| Your task |
Starting at the line below holding "by have := sub a; rewrite g2a /= negbK." and stopping at the line holding "by apply: subset_leq_card; apply/subsetP", print every line exactly, both ends included, and leave the rest out.
--- Given records Enclosed Below ---
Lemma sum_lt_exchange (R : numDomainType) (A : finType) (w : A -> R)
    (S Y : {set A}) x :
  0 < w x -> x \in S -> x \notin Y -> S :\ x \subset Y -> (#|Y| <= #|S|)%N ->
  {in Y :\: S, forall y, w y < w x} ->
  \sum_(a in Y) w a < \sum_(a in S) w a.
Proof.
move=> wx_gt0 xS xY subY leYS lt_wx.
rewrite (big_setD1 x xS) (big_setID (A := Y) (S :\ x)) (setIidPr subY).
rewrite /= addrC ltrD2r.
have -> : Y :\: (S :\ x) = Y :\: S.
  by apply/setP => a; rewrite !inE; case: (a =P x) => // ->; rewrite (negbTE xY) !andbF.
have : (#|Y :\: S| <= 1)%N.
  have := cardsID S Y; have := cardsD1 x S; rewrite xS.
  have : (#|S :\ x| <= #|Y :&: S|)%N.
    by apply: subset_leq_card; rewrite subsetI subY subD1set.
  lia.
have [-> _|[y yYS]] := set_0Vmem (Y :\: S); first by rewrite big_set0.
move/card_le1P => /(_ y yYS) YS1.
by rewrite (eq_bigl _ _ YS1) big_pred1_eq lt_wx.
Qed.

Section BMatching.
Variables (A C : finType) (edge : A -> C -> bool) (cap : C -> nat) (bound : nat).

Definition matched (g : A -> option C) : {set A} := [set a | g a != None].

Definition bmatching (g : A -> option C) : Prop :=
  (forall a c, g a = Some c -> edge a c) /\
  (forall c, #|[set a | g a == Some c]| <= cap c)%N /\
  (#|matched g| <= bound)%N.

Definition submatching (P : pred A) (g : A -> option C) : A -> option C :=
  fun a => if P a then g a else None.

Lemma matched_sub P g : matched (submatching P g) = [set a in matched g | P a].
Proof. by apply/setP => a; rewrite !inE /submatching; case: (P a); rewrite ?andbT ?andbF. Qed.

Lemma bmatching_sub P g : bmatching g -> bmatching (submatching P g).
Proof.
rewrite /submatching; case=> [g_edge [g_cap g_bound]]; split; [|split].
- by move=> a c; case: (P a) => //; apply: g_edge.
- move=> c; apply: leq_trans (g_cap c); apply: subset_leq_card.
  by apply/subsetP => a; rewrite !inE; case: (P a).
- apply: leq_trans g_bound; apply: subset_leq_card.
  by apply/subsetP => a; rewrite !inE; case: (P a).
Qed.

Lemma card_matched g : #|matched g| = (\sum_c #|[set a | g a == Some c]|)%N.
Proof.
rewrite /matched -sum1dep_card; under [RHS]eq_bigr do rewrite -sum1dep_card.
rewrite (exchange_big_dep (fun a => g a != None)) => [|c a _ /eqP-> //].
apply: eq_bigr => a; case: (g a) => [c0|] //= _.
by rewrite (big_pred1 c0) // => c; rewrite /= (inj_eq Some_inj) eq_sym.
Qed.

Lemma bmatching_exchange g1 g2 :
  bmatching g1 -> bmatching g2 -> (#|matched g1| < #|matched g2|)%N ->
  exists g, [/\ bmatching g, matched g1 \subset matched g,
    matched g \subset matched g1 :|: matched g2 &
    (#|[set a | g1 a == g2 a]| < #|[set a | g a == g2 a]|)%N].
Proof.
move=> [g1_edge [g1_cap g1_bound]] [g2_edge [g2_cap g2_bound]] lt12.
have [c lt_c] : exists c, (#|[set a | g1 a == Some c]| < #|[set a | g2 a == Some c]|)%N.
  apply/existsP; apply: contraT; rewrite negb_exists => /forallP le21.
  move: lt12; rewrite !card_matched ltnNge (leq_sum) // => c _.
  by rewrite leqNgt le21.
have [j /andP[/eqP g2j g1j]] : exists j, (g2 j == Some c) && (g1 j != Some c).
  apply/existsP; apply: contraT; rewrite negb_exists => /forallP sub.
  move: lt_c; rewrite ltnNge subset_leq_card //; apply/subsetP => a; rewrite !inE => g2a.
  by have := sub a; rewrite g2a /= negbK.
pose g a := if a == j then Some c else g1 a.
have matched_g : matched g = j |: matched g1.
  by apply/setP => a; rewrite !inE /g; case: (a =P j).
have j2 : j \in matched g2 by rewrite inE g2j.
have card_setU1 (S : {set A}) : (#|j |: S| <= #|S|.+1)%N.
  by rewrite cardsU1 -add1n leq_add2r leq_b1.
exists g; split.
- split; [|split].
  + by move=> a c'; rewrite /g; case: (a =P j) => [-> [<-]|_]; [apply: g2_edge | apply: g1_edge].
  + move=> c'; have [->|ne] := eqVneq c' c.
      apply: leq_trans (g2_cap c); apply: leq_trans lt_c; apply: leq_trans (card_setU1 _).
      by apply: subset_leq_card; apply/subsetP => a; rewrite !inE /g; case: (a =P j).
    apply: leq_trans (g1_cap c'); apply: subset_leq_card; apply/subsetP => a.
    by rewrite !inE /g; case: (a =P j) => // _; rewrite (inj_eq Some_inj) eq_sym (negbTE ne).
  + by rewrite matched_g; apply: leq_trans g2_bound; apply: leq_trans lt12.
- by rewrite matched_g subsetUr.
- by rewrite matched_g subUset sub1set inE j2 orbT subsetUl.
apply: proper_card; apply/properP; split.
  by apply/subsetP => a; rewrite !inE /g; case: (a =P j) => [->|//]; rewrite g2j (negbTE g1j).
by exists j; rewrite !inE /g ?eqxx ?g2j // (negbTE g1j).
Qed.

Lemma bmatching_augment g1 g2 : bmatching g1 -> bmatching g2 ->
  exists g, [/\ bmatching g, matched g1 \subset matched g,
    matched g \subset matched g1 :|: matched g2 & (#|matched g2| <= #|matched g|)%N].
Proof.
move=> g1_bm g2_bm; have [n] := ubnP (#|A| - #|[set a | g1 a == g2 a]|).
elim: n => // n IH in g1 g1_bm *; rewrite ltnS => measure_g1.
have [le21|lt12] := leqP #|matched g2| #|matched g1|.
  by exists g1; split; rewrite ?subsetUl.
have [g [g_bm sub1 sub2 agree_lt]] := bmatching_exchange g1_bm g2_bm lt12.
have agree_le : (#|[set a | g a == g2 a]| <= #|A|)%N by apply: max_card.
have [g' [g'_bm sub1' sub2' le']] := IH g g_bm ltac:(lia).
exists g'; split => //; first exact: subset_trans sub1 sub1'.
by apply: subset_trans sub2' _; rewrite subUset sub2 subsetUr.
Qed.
--- End of Enclosed Given records ---
| Exercise solution |
  by have := sub a; rewrite g2a /= negbK.
pose g a := if a == j then Some c else g1 a.
have matched_g : matched g = j |: matched g1.
  by apply/setP => a; rewrite !inE /g; case: (a =P j).
have j2 : j \in matched g2 by rewrite inE g2j.
have card_setU1 (S : {set A}) : (#|j |: S| <= #|S|.+1)%N.
  by rewrite cardsU1 -add1n leq_add2r leq_b1.
exists g; split.
- split; [|split].
  + by move=> a c'; rewrite /g; case: (a =P j) => [-> [<-]|_]; [apply: g2_edge | apply: g1_edge].
  + move=> c'; have [->|ne] := eqVneq c' c.
      apply: leq_trans (g2_cap c); apply: leq_trans lt_c; apply: leq_trans (card_setU1 _).
      by apply: subset_leq_card; apply/subsetP => a; rewrite !inE /g; case: (a =P j).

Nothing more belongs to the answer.